[Recorded data]
:::

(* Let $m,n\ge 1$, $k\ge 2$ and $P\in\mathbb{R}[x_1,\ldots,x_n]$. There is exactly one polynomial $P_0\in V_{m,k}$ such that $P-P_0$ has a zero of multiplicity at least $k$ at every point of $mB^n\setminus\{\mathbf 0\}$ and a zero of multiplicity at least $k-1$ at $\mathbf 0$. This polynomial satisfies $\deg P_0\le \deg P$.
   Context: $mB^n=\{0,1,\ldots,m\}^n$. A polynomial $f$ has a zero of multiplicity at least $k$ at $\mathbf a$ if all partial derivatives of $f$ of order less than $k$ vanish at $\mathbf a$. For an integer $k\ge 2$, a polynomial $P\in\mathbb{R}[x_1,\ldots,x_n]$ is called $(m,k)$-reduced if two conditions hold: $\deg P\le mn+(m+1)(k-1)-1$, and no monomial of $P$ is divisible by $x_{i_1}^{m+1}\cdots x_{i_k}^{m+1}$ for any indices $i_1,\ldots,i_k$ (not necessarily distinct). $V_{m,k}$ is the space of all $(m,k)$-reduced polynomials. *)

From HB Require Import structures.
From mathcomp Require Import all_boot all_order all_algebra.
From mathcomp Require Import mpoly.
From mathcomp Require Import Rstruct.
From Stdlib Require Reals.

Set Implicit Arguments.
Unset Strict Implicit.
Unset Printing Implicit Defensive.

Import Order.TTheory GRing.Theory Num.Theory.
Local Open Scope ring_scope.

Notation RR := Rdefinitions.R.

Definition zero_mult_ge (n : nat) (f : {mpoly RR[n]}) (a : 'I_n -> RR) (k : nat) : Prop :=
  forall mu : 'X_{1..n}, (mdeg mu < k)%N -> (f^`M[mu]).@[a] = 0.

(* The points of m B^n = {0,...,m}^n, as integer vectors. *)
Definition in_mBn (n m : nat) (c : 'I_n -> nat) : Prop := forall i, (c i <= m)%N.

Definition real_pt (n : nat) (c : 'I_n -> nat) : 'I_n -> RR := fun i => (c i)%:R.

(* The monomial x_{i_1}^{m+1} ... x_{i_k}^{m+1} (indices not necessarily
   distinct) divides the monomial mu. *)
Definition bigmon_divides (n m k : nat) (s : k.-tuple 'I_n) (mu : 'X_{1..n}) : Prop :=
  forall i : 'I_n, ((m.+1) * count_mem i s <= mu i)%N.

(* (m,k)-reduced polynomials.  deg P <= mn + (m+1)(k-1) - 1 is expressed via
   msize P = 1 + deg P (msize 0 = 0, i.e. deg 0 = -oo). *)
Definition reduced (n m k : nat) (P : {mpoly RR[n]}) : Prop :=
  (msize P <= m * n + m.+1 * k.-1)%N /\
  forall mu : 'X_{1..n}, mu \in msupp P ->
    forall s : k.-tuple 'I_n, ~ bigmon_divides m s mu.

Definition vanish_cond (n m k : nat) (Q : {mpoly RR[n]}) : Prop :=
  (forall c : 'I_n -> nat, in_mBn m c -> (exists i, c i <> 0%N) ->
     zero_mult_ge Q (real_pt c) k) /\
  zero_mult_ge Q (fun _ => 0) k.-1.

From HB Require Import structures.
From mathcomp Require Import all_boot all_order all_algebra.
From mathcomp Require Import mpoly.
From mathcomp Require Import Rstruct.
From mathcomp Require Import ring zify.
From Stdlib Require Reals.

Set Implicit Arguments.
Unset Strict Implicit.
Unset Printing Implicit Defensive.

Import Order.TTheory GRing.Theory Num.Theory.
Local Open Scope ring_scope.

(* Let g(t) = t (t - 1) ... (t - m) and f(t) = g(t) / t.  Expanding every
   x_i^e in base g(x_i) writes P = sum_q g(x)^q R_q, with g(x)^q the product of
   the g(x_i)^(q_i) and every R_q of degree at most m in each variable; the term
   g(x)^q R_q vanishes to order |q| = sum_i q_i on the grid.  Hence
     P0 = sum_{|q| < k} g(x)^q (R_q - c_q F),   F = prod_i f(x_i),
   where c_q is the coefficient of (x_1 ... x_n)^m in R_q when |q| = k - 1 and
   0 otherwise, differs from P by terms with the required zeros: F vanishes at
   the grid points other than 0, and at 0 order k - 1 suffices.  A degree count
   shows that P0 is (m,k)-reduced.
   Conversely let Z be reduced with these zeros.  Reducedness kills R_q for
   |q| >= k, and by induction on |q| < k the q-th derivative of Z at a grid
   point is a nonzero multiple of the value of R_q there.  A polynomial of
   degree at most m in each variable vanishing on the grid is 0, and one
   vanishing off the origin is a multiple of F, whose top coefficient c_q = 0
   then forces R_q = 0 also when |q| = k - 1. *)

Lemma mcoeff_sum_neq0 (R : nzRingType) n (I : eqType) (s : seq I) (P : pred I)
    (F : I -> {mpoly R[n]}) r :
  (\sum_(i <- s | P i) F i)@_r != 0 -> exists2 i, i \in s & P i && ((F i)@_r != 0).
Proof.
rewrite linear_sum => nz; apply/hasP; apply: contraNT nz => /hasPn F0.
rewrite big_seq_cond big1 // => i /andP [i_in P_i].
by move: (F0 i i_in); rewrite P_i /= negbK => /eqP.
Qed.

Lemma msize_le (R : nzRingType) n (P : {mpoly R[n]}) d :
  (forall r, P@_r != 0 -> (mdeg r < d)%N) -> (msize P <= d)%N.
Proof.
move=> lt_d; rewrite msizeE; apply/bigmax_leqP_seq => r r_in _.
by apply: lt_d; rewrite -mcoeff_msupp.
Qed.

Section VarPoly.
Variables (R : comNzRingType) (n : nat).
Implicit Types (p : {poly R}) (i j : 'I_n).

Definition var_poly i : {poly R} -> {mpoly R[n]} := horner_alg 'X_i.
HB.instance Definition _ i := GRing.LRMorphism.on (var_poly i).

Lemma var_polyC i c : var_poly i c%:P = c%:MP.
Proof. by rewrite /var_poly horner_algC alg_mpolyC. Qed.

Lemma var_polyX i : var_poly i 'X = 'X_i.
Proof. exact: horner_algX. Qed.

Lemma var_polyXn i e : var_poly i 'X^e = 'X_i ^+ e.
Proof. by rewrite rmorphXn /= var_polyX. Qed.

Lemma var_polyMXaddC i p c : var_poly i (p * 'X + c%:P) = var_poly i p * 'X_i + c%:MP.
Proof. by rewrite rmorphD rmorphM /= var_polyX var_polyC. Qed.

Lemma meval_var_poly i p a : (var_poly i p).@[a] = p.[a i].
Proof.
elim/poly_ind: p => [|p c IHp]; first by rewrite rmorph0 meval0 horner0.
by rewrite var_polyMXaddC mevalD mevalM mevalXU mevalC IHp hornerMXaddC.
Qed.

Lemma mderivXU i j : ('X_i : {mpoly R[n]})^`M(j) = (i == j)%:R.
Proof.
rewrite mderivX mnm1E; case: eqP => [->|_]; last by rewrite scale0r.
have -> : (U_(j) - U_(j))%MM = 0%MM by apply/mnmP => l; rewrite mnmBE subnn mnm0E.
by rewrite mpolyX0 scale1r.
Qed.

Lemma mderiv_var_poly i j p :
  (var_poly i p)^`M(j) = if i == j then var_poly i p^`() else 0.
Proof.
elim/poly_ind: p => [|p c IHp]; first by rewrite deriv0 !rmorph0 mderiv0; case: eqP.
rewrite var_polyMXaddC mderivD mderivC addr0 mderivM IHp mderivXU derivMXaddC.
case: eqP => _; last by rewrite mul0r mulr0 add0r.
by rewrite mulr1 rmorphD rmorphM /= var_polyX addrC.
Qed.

:::

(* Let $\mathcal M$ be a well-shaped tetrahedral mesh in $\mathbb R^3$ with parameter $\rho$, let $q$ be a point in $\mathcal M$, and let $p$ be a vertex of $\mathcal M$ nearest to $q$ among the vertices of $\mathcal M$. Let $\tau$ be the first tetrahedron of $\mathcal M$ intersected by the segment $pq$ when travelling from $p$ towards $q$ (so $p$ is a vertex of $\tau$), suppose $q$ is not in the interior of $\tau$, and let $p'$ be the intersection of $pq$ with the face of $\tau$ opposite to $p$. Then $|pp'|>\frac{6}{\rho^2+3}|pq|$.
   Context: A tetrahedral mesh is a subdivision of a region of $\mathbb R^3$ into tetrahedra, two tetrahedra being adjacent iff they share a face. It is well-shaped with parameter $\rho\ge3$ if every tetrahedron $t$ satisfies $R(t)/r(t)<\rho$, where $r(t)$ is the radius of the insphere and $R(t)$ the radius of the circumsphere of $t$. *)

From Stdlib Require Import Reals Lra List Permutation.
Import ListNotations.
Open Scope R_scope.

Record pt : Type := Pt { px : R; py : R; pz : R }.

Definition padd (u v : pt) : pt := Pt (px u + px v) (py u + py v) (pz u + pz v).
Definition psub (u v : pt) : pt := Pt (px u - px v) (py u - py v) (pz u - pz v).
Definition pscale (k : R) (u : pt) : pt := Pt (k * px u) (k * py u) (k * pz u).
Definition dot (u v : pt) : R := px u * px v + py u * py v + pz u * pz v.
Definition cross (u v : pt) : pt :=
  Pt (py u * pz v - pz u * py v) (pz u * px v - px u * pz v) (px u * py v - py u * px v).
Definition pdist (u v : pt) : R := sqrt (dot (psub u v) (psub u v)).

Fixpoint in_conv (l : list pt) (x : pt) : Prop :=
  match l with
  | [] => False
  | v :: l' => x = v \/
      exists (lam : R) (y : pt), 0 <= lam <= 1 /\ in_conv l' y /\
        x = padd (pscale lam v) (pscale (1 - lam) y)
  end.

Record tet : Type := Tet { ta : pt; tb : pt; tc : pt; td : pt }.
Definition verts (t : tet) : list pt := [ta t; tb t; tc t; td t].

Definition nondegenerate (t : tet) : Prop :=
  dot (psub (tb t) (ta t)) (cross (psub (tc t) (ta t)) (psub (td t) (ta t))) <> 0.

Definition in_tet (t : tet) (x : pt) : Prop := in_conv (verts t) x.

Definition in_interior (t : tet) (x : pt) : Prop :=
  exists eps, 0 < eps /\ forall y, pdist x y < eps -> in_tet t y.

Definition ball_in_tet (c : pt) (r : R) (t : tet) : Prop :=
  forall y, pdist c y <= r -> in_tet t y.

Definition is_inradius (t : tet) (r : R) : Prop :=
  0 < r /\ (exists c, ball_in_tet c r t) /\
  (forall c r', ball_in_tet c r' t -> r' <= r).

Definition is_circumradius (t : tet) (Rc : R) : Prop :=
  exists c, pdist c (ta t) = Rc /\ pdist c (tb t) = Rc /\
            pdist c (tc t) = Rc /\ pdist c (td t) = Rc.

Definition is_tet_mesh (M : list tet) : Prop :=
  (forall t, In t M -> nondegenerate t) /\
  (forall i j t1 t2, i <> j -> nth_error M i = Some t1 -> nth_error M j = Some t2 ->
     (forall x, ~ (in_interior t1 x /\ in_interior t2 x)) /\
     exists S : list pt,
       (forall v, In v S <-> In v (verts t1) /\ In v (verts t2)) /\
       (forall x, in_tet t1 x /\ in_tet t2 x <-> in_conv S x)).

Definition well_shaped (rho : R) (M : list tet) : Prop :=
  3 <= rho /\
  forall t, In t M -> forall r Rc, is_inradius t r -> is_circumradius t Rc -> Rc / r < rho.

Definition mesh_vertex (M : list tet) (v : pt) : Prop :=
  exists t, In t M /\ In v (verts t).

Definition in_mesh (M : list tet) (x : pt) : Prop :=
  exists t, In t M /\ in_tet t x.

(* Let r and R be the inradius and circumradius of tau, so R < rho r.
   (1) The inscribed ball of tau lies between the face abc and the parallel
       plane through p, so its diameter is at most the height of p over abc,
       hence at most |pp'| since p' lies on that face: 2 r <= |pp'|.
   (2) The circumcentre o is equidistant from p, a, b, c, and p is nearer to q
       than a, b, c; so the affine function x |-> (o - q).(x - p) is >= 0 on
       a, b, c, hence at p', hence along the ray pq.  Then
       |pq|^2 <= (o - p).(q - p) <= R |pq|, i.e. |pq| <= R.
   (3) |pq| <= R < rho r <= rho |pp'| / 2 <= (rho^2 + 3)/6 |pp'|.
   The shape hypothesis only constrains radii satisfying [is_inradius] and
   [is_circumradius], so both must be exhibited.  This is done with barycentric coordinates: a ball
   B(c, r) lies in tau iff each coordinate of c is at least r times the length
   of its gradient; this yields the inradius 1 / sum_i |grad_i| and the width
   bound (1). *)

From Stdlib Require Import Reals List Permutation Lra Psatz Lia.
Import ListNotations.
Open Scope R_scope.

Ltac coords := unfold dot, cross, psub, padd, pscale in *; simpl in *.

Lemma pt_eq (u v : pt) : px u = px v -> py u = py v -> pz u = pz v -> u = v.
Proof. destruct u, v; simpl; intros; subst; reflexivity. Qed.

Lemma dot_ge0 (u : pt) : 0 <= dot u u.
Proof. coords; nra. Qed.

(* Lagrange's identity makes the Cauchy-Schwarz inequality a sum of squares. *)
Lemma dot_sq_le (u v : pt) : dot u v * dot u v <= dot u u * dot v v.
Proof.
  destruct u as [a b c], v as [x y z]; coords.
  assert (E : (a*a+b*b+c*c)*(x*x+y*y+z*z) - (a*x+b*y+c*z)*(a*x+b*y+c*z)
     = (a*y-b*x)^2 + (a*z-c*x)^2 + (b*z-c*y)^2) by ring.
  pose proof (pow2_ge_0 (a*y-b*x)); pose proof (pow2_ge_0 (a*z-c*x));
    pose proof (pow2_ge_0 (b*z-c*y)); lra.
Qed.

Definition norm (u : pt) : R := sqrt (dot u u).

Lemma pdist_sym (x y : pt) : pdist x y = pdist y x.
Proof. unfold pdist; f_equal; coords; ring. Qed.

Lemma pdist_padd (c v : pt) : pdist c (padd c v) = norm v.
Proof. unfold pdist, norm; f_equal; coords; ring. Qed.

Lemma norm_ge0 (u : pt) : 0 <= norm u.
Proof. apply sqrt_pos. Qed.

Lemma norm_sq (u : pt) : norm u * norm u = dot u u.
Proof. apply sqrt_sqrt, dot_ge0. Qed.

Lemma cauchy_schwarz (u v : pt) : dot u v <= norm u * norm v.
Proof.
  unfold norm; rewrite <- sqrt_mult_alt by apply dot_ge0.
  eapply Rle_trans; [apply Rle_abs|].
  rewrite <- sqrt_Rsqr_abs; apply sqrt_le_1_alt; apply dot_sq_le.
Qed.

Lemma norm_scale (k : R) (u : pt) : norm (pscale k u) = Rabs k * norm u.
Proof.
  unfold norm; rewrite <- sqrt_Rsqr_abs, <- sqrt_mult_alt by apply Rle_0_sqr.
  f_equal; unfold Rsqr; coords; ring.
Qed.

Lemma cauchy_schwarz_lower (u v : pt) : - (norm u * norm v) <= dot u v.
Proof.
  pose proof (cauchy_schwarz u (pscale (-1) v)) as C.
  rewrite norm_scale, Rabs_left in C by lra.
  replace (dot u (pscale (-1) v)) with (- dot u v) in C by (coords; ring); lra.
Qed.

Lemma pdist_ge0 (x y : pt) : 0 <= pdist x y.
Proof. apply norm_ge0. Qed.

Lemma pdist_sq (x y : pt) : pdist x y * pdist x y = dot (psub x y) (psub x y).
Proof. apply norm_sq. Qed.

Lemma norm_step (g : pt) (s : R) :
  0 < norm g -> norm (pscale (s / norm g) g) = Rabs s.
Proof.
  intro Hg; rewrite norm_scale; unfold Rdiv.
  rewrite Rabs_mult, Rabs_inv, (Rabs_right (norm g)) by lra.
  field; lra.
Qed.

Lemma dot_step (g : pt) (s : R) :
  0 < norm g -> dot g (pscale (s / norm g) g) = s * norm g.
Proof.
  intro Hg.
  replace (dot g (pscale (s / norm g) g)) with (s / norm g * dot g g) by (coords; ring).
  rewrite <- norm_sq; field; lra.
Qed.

:::

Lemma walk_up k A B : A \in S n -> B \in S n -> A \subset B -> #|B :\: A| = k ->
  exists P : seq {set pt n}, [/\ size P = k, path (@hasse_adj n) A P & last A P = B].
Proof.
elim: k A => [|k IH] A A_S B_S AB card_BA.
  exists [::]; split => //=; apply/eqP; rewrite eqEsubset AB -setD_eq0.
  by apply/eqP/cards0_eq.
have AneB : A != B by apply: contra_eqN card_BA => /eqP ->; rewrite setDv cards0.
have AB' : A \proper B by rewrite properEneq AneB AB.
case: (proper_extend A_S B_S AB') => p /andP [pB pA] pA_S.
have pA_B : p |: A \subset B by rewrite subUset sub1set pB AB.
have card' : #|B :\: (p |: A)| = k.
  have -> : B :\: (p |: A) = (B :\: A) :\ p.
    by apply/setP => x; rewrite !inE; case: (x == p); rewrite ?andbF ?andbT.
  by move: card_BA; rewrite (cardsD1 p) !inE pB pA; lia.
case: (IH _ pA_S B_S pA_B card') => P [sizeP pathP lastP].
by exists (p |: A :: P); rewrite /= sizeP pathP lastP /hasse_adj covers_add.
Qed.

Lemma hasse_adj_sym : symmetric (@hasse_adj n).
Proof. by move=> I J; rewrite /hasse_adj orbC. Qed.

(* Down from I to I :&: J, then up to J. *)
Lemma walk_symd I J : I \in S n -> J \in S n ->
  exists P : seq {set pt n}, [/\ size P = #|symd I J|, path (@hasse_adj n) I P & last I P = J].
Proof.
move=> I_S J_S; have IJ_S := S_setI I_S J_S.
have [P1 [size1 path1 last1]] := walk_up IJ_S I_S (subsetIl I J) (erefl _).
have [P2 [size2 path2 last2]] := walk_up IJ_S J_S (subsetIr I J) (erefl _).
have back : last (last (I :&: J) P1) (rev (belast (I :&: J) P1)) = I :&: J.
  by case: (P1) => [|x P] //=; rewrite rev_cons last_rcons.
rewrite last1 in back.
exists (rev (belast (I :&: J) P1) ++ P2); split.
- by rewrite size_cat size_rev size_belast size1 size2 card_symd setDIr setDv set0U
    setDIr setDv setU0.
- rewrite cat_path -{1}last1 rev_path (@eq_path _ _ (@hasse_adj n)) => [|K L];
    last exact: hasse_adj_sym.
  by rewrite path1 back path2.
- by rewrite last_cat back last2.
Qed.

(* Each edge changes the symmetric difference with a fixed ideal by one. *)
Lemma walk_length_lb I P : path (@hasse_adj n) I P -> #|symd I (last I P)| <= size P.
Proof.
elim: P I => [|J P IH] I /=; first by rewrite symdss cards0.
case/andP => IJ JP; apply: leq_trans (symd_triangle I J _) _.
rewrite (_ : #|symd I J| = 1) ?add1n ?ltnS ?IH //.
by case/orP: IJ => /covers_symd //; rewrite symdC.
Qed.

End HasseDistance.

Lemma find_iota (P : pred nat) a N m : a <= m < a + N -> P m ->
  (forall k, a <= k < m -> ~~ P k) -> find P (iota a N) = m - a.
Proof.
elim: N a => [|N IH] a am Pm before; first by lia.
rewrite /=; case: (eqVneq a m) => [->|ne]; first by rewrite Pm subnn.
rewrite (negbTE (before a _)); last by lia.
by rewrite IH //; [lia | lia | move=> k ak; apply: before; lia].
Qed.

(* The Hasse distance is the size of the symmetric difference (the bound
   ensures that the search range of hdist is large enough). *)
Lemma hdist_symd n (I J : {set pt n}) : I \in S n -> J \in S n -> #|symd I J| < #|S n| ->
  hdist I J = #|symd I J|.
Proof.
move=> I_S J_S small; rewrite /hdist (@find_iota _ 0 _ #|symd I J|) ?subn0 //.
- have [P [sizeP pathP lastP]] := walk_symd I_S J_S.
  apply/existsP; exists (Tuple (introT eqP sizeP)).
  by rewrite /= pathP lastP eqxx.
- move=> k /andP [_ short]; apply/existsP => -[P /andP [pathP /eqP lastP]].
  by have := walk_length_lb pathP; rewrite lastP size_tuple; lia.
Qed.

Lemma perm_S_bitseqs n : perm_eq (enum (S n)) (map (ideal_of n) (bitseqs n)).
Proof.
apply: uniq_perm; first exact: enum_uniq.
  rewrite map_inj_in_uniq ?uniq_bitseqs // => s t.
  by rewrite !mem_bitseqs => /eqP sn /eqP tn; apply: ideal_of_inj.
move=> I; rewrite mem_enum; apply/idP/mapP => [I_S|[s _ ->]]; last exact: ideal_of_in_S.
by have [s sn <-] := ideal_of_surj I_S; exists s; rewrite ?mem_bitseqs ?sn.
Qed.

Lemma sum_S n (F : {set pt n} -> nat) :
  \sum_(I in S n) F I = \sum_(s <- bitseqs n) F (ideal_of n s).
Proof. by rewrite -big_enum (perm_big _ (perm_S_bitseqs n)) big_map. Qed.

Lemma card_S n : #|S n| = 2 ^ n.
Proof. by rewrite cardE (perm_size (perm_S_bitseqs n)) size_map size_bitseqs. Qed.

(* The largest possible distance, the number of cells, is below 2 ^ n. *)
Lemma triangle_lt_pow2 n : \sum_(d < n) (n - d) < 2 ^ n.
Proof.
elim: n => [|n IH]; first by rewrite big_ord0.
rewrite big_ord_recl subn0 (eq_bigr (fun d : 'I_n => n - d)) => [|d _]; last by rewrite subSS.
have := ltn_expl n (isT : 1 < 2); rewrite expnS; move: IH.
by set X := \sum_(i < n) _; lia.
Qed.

:::

Using the data above, transcribe the lines that run from the line with "unfold norm; rewrite <- sqrt_Rsqr_abs, <- sqrt_mult_alt" to the line with "Proof. apply norm_ge0. Qed.", both ends kept, and output nothing else.

* **Exercise output**:
  unfold norm; rewrite <- sqrt_Rsqr_abs, <- sqrt_mult_alt by apply Rle_0_sqr.
  f_equal; unfold Rsqr; coords; ring.
Qed.

Lemma cauchy_schwarz_lower (u v : pt) : - (norm u * norm v) <= dot u v.
Proof.
  pose proof (cauchy_schwarz u (pscale (-1) v)) as C.
  rewrite norm_scale, Rabs_left in C by lra.
  replace (dot u (pscale (-1) v)) with (- dot u v) in C by (coords; ring); lra.
Qed.

Lemma pdist_ge0 (x y : pt) : 0 <= pdist x y.
Proof. apply norm_ge0. Qed.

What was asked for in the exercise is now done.